Hit the Road really tried living up to his name during the second half of the 2021 racing campaign. And trainer Dan Blocker tried getting his newly minted Grade 1 winner on the road — and on the track.

Hit the Road-Pegasus Turf
Hit the Road clocked a sub-1-minute, five-furlong workout at Santa Anita Park last Saturday. He may race for the first time since October in the Grade 1 Pegasus World Cup Turf at Gulfstream Park. (Image: Benoit Photo)

He’ll finally hit that long and windy road in next weekend’s Grade 1 Pegasus World Cup Turf. And Blocker said that’s been the goal all along.

But four months between starts? Yeah, that wasn’t in Blocker’s blueprint.

There was the Breeders’ Cup, sitting there as the season’s juiciest plum for Hit the Road. Blocker said after Hit the Road won the Grade 1 Frank E. Kilroe Mile at Santa Anita last winter, the Breeders’ Cup immediately went on the table.

An untimely fever removes Breeders’ Cup start

“We were prepping him, then he had a fever the week before the race and we had to scratch him,” Blocker told Gulfstream Park. “To prepare a horse for that amount of time and to have to withdraw at the last minute was really disappointing.”

So, after Blocker put Hit the Road back on the training road, it was on to Plan B. That was the Grade 2 San Gabriel Stakes on Santa Anita’s Dec. 26 opening day. This would have satisfied several of Blocker’s goals.

It would give Hit the Road his first taste of 1 1/8 miles, the same distance as the Pegasus Turf. It would give Hit the Road the perfect Pegasus prep in a strong Grade 2 turf race, and it would give him desperately needed racing reps going into what is the season’s first tough turf test.

Hit the Road defines ‘true miler’

Hit the Road hasn’t raced since finishing third in the Oct. 2 Grade 2 City of Hope at Santa Anita. That came by only a half-length to familiar West Coast turf nemeses Mo Forza and Smooth Like Strait, who Hit the Road beat by a neck in the Kilroe Mile.

The City of Hope was Hit the Road’s 11th consecutive mile race, which made the San Gabriel particularly important. Could Hit the Road handle that extra furlong?

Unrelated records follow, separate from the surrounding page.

Lemma restr_setU1_eq t (t' : 'rV['F_2]_N) (j : 'I_N) S :
  (restr t (j |: S) == restr t' (j |: S))
  = (t ord0 j == t' ord0 j) && (restr t S == restr t' S).
Proof.
apply/restr_eqP/andP => [tt' | [/eqP tt'j /restr_eqP tt'S] k /setU1P [->|]] //.
split; first by apply/eqP/tt'; exact: setU11.
by apply/restr_eqP => k kS; apply: tt'; exact: setU1r.
exact: tt'S.
Qed.

Lemma restr_setD_eq t (t' : 'rV['F_2]_N) (I A : {set 'I_N}) : A \subset I ->
  (restr t (I :\: A) == restr t' (I :\: A)) && (restr t A == restr t' A) =
  (restr t I == restr t' I).
Proof.
move=> AI; apply/andP/restr_eqP => [[/restr_eqP tt'D /restr_eqP tt'A] k kI | tt'].
  by case: (boolP (k \in A)) => [/tt'A | kA] //; apply: tt'D; rewrite inE kA.
split; apply/restr_eqP => k kS; apply: tt'; last exact: (subsetP AI).
by move: kS; rewrite inE => /andP [].
Qed.

Variables (O : finType) (mu : O -> R).
Hypothesis mu_ge0 : forall w, 0 <= mu w.
Variable tv : O -> 'rV['F_2]_N.

Lemma cent_restr0 (TY : finType) (Y : O -> TY) :
  cent mu (fun w => restr (tv w) set0) Y = 0.
Proof.
rewrite /cent (ent_eq_fibers mu (g := Y)) => [|w w']; first ring.
rewrite xpair_eqE; suff -> : restr (tv w) set0 == restr (tv w') set0 by [].
by apply/restr_eqP => k; rewrite inE.
Qed.
Definition gauss_form (a b : 'I_d -> R) : C :=
  \sum_(i < d) \sum_(j < d) ((a i)%:C)%C * ((b j)%:C)%C * J j i.

Fixpoint gauss_exponent (s : seq ('I_d -> R)) : C :=
  if s is a :: s' then
    - 2%:R^-1 * gauss_form a a - \sum_(b <- s') gauss_form a b + gauss_exponent s'
  else 0.

Lemma gauss_exponent_nth x0 s :
  - 2%:R^-1 * \sum_(t < size s) gauss_form (nth x0 s t) (nth x0 s t)
  - \sum_(t < size s) \sum_(u < size s | (t < u)%N) gauss_form (nth x0 s t) (nth x0 s u)
  = gauss_exponent s.
Proof.
elim: s => [|a s IH]; first by rewrite /= !big_ord0 mulr0 subr0.
have first_row : \sum_(u < (size s).+1 | (0 < u)%N) gauss_form a (nth x0 (a :: s) u)
                 = \sum_(b <- s) gauss_form a b.
  by rewrite big_mkcond big_ord_recl /= add0r (big_nth x0) big_mkord.
have other_rows :
  \sum_(t < size s) \sum_(u < (size s).+1 | (lift ord0 t < u)%N)
      gauss_form (nth x0 (a :: s) (lift ord0 t)) (nth x0 (a :: s) u)
  = \sum_(t < size s) \sum_(u < size s | (t < u)%N) gauss_form (nth x0 s t) (nth x0 s u).
  apply: eq_bigr => t _; rewrite big_mkcond big_ord_recl /= add0r [RHS]big_mkcond.
  by apply: eq_bigr.
rewrite /= -IH big_ord_recl [X in _ - X]big_ord_recl first_row other_rows /=.
ring.
Qed.

Lemma gauss_char_seq x0 s :
  gauss_char J (fun t : 'I_(size s) => nth x0 s t) = cexp (gauss_exponent s).
Proof. by rewrite -(gauss_exponent_nth x0). Qed.

Lemma gauss_formNl a b : gauss_form (fun i => - a i) b = - gauss_form a b.
Proof.
rewrite /gauss_form -sumrN; apply: eq_bigr => i _; rewrite -sumrN.
by apply: eq_bigr => j _; rewrite raddfN /= !mulNr.
Qed.

Lemma gauss_formNr a b : gauss_form a (fun i => - b i) = - gauss_form a b.
Proof.
rewrite /gauss_form -sumrN; apply: eq_bigr => i _; rewrite -sumrN.
by apply: eq_bigr => j _; rewrite raddfN /= mulrN !mulNr.
Qed.

Lemma gauss_formDl a b e : gauss_form (fun i => a i + b i) e = gauss_form a e + gauss_form b e.
Proof.
rewrite /gauss_form -big_split; apply: eq_bigr => i _; rewrite -big_split.
by apply: eq_bigr => j _; rewrite raddfD /= !mulrDl.
Qed.

Lemma gauss_formDr a b e : gauss_form a (fun i => b i + e i) = gauss_form a b + gauss_form a e.
Proof.
rewrite /gauss_form -big_split; apply: eq_bigr => i _; rewrite -big_split.
by apply: eq_bigr => j _; rewrite raddfD /= mulrDr !mulrDl.
Qed.

Definition im_form (a b : 'I_d -> R) : R :=
  \sum_(i < d) \sum_(j < d) a i * immx J i j * b j.

Lemma gauss_form_skew a b : herm_mx J ->
  gauss_form a b - gauss_form b a = - 2%:R * ('i%C * ((im_form a b)%:C)%C).
Proof.
move=> hermJ; rewrite /gauss_form /im_form [X in _ - X]exchange_big /= -sumrB.
rewrite !raddf_sum !mulr_sumr; apply: eq_bigr => i _.
rewrite -sumrB !raddf_sum !mulr_sumr; apply: eq_bigr => j _.
have Jij : J i j = (J j i)^* by move/matrixP: hermJ => /(_ i j); rewrite !mxE.
rewrite Jij /immx mxE Jij; case: (J j i) => x y.
by apply/eqP; rewrite eq_complex /=; apply/andP; split; apply/eqP; ring.
Qed.

Lemma gauss_exponent_opp_pair s : gauss_exponent [:: (fun i => - s i); s] = 0.
Proof. by rewrite /= !big_cons !big_nil !(gauss_formNl, gauss_formNr); field. Qed.

Lemma gauss_exponent_opp_pairs a b :
  gauss_exponent [:: (fun i => - b i); (fun i => - a i); a; b] = 0.
Proof. by rewrite /= !big_cons !big_nil !(gauss_formNl, gauss_formNr); field. Qed.

Lemma gauss_exponent_opp_pairs_add a b : herm_mx J ->
  gauss_exponent [:: (fun i => - b i); (fun i => - a i); (fun i => a i + b i)]
  = - ('i%C * ((im_form a b)%:C)%C).
Proof.
move=> hermJ; rewrite /= !big_cons !big_nil.
rewrite !(gauss_formNl, gauss_formNr, gauss_formDl, gauss_formDr).
by rewrite -[gauss_form a b](subrK (gauss_form b a)) gauss_form_skew //; field.
Qed.

Lemma gauss_exponent_opp_add_pair a b : herm_mx J ->
  gauss_exponent [:: (fun i => - (a i + b i)); a; b] = 'i%C * ((im_form a b)%:C)%C.
Proof.
move=> hermJ; rewrite /= !big_cons !big_nil.
rewrite !(gauss_formNl, gauss_formNr, gauss_formDl, gauss_formDr).
by rewrite -[gauss_form a b](subrK (gauss_form b a)) gauss_form_skew //; field.
Qed.

End GaussianState.

Section ComplexExponential.
Variable R : realType.
Local Notation C := R[i].

Lemma cexp0 : cexp (0 : C) = 1.
Proof. by rewrite /cexp /= expR0 cos0 sin0 mul1r mulr0. Qed.

Lemma cexp_iR (t : R) : cexp ('i%C * (t%:C)%C) = (cos t +i* sin t)%C.
Proof. by rewrite /cexp /= !(mul0r, mul1r, subr0, add0r) oppr0 expR0 !mul1r. Qed.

“And then that race came off the turf and we had to scratch out of that race,” Blocker said. referring to the weather that pulled Santa Anita’s opening day races off the grass. “So, we’re just coming in here. It’s a bit of an unknown, but the horse is training really well.”

Blocker wants to see more before hitting the road

How well? A strong 58.40 bullet over five furlongs last Sunday at Santa Anita. That was Hit the Road’s sixth workout since Dec. 4. Yet, Blocker isn’t quite convinced he wants to take Hit the Road on the road — even for a $1 million race.

“Everything needs to go perfect, really,” he said. “It’s a lot of tests that he has to pass in order to make the trip. It’s a long trip, it’s very expensive, and I don’t want to take him unless he’s ready to fire his absolute ‘A’ game. Hopefully, we’ll be able to do it. But it’s up to the horse. We’ll just have to see over the next two weeks. Right now, he’s doing great and I’m really happy with him.”